■ **What the task requires**
Return the entries in full, exactly as they were written.
⟨
(* Let $u$ and $v$ be vertices of $T$ such that $u$ is a descendant of $v$ and $T^v$ is contained in $T^u$. Let $T'$ be the canonical subtree among the connected components of the forest obtained from $T^u$ by deleting $C_{T^u}$ which contains $v$, and let $X$ be the set of vertices in $C_{T^u}$ that are descendants of $v$ and ancestors of $u$. Let $x$ be the element of $X$ that is highest in $T$. Then either $rt(T')$ or $l(T')$ is the parent of $x$.
   Context: Let $T$ be a rooted tree on $n$ vertices with positive edge weights. Ancestor/descendant refer to $T$, and a vertex counts as its own ancestor and descendant. $T_v$ denotes the subtree of $T$ rooted at $v$. For every non-leaf vertex $v$ of $T$ fix a child $c_1(v)$ with $|T_{c_1(v)}|$ maximal among the children of $v$; the edges $(v,c_1(v))$ are called leftmost. A subtree $R$ of $T$ (connected subgraph) is rooted at its vertex closest to the root of $T$, denoted $rt(R)$, and inherits the leftmost labelling; $R_v$ is the subtree of $R$ rooted at $v$. For $v\in V(R)$, $P_R(v)$ is the longest downward path from $v$ in $R$ using only leftmost edges; its last vertex is $l(v)$, and $l(R):=l(rt(R))$. For an integer $d$, a vertex $v$ of $R$ is $d$-balanced (in $R$) if $|R_{c_1(v)}|\le |R|-d$ (where $|R_{c_1(v)}|=0$ if $c_1(v)$ is undefined or not in $R$). $b_d(v)$ is the first $d$-balanced vertex on $P_R(v)$, or NULL if none. Define $CV(R,d)=\emptyset$ if $b_d(rt(R))$ is NULL, and otherwise, with $b=b_d(rt(R))$, $CV(R,d)=\{b\}\cup\bigcup_{w}CV(R_w,d)$, the union over the children $w$ of $b$ in $R$. Fix an integer $k\ge 4$. For a subtree $R$ with $m$ vertices, $C_R:=V(R)$ if $k\ge m/2-1$, and otherwise $C_R:=CV(R,m/k)\cup\{l(R),rt(R)\}$. Canonical subtrees: $T$ is canonical; if $R$ is canonical, every connected component of the forest obtained from $R$ by deleting the vertices of $C_R$ (and incident edges) is canonical. Every vertex $v$ of $T$ belongs to $C_R$ for exactly one canonical subtree $R$, denoted $T^v$. *)

(* Rooted trees on a finite vertex type V, given by a parent
   function p with a root r (p r = r, every vertex reaches r by iterating p).
   Edges of T are {v, p v} for v <> r.  Edge weights play no role in the
   notions below and are omitted. *)
From HB Require Import structures.
From mathcomp Require Import all_boot all_order all_algebra.
Set Implicit Arguments. Unset Strict Implicit. Unset Printing Implicit Defensive.
Import Order.TTheory GRing.Theory Num.Theory.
⟩
■ **Exercise output**
(* Let $u$ and $v$ be vertices of $T$ such that $u$ is a descendant of $v$ and $T^v$ is contained in $T^u$. Let $T'$ be the canonical subtree among the connected components of the forest obtained from $T^u$ by deleting $C_{T^u}$ which contains $v$, and let $X$ be the set of vertices in $C_{T^u}$ that are descendants of $v$ and ancestors of $u$. Let $x$ be the element of $X$ that is highest in $T$. Then either $rt(T')$ or $l(T')$ is the parent of $x$.
   Context: Let $T$ be a rooted tree on $n$ vertices with positive edge weights. Ancestor/descendant refer to $T$, and a vertex counts as its own ancestor and descendant. $T_v$ denotes the subtree of $T$ rooted at $v$. For every non-leaf vertex $v$ of $T$ fix a child $c_1(v)$ with $|T_{c_1(v)}|$ maximal among the children of $v$; the edges $(v,c_1(v))$ are called leftmost. A subtree $R$ of $T$ (connected subgraph) is rooted at its vertex closest to the root of $T$, denoted $rt(R)$, and inherits the leftmost labelling; $R_v$ is the subtree of $R$ rooted at $v$. For $v\in V(R)$, $P_R(v)$ is the longest downward path from $v$ in $R$ using only leftmost edges; its last vertex is $l(v)$, and $l(R):=l(rt(R))$. For an integer $d$, a vertex $v$ of $R$ is $d$-balanced (in $R$) if $|R_{c_1(v)}|\le |R|-d$ (where $|R_{c_1(v)}|=0$ if $c_1(v)$ is undefined or not in $R$). $b_d(v)$ is the first $d$-balanced vertex on $P_R(v)$, or NULL if none. Define $CV(R,d)=\emptyset$ if $b_d(rt(R))$ is NULL, and otherwise, with $b=b_d(rt(R))$, $CV(R,d)=\{b\}\cup\bigcup_{w}CV(R_w,d)$, the union over the children $w$ of $b$ in $R$. Fix an integer $k\ge 4$. For a subtree $R$ with $m$ vertices, $C_R:=V(R)$ if $k\ge m/2-1$, and otherwise $C_R:=CV(R,m/k)\cup\{l(R),rt(R)\}$. Canonical subtrees: $T$ is canonical; if $R$ is canonical, every connected component of the forest obtained from $R$ by deleting the vertices of $C_R$ (and incident edges) is canonical. Every vertex $v$ of $T$ belongs to $C_R$ for exactly one canonical subtree $R$, denoted $T^v$. *)

(* Rooted trees on a finite vertex type V, given by a parent
   function p with a root r (p r = r, every vertex reaches r by iterating p).
   Edges of T are {v, p v} for v <> r.  Edge weights play no role in the
   notions below and are omitted. *)
From HB Require Import structures.
From mathcomp Require Import all_boot all_order all_algebra.
Set Implicit Arguments. Unset Strict Implicit. Unset Printing Implicit Defensive.
Import Order.TTheory GRing.Theory Num.Theory.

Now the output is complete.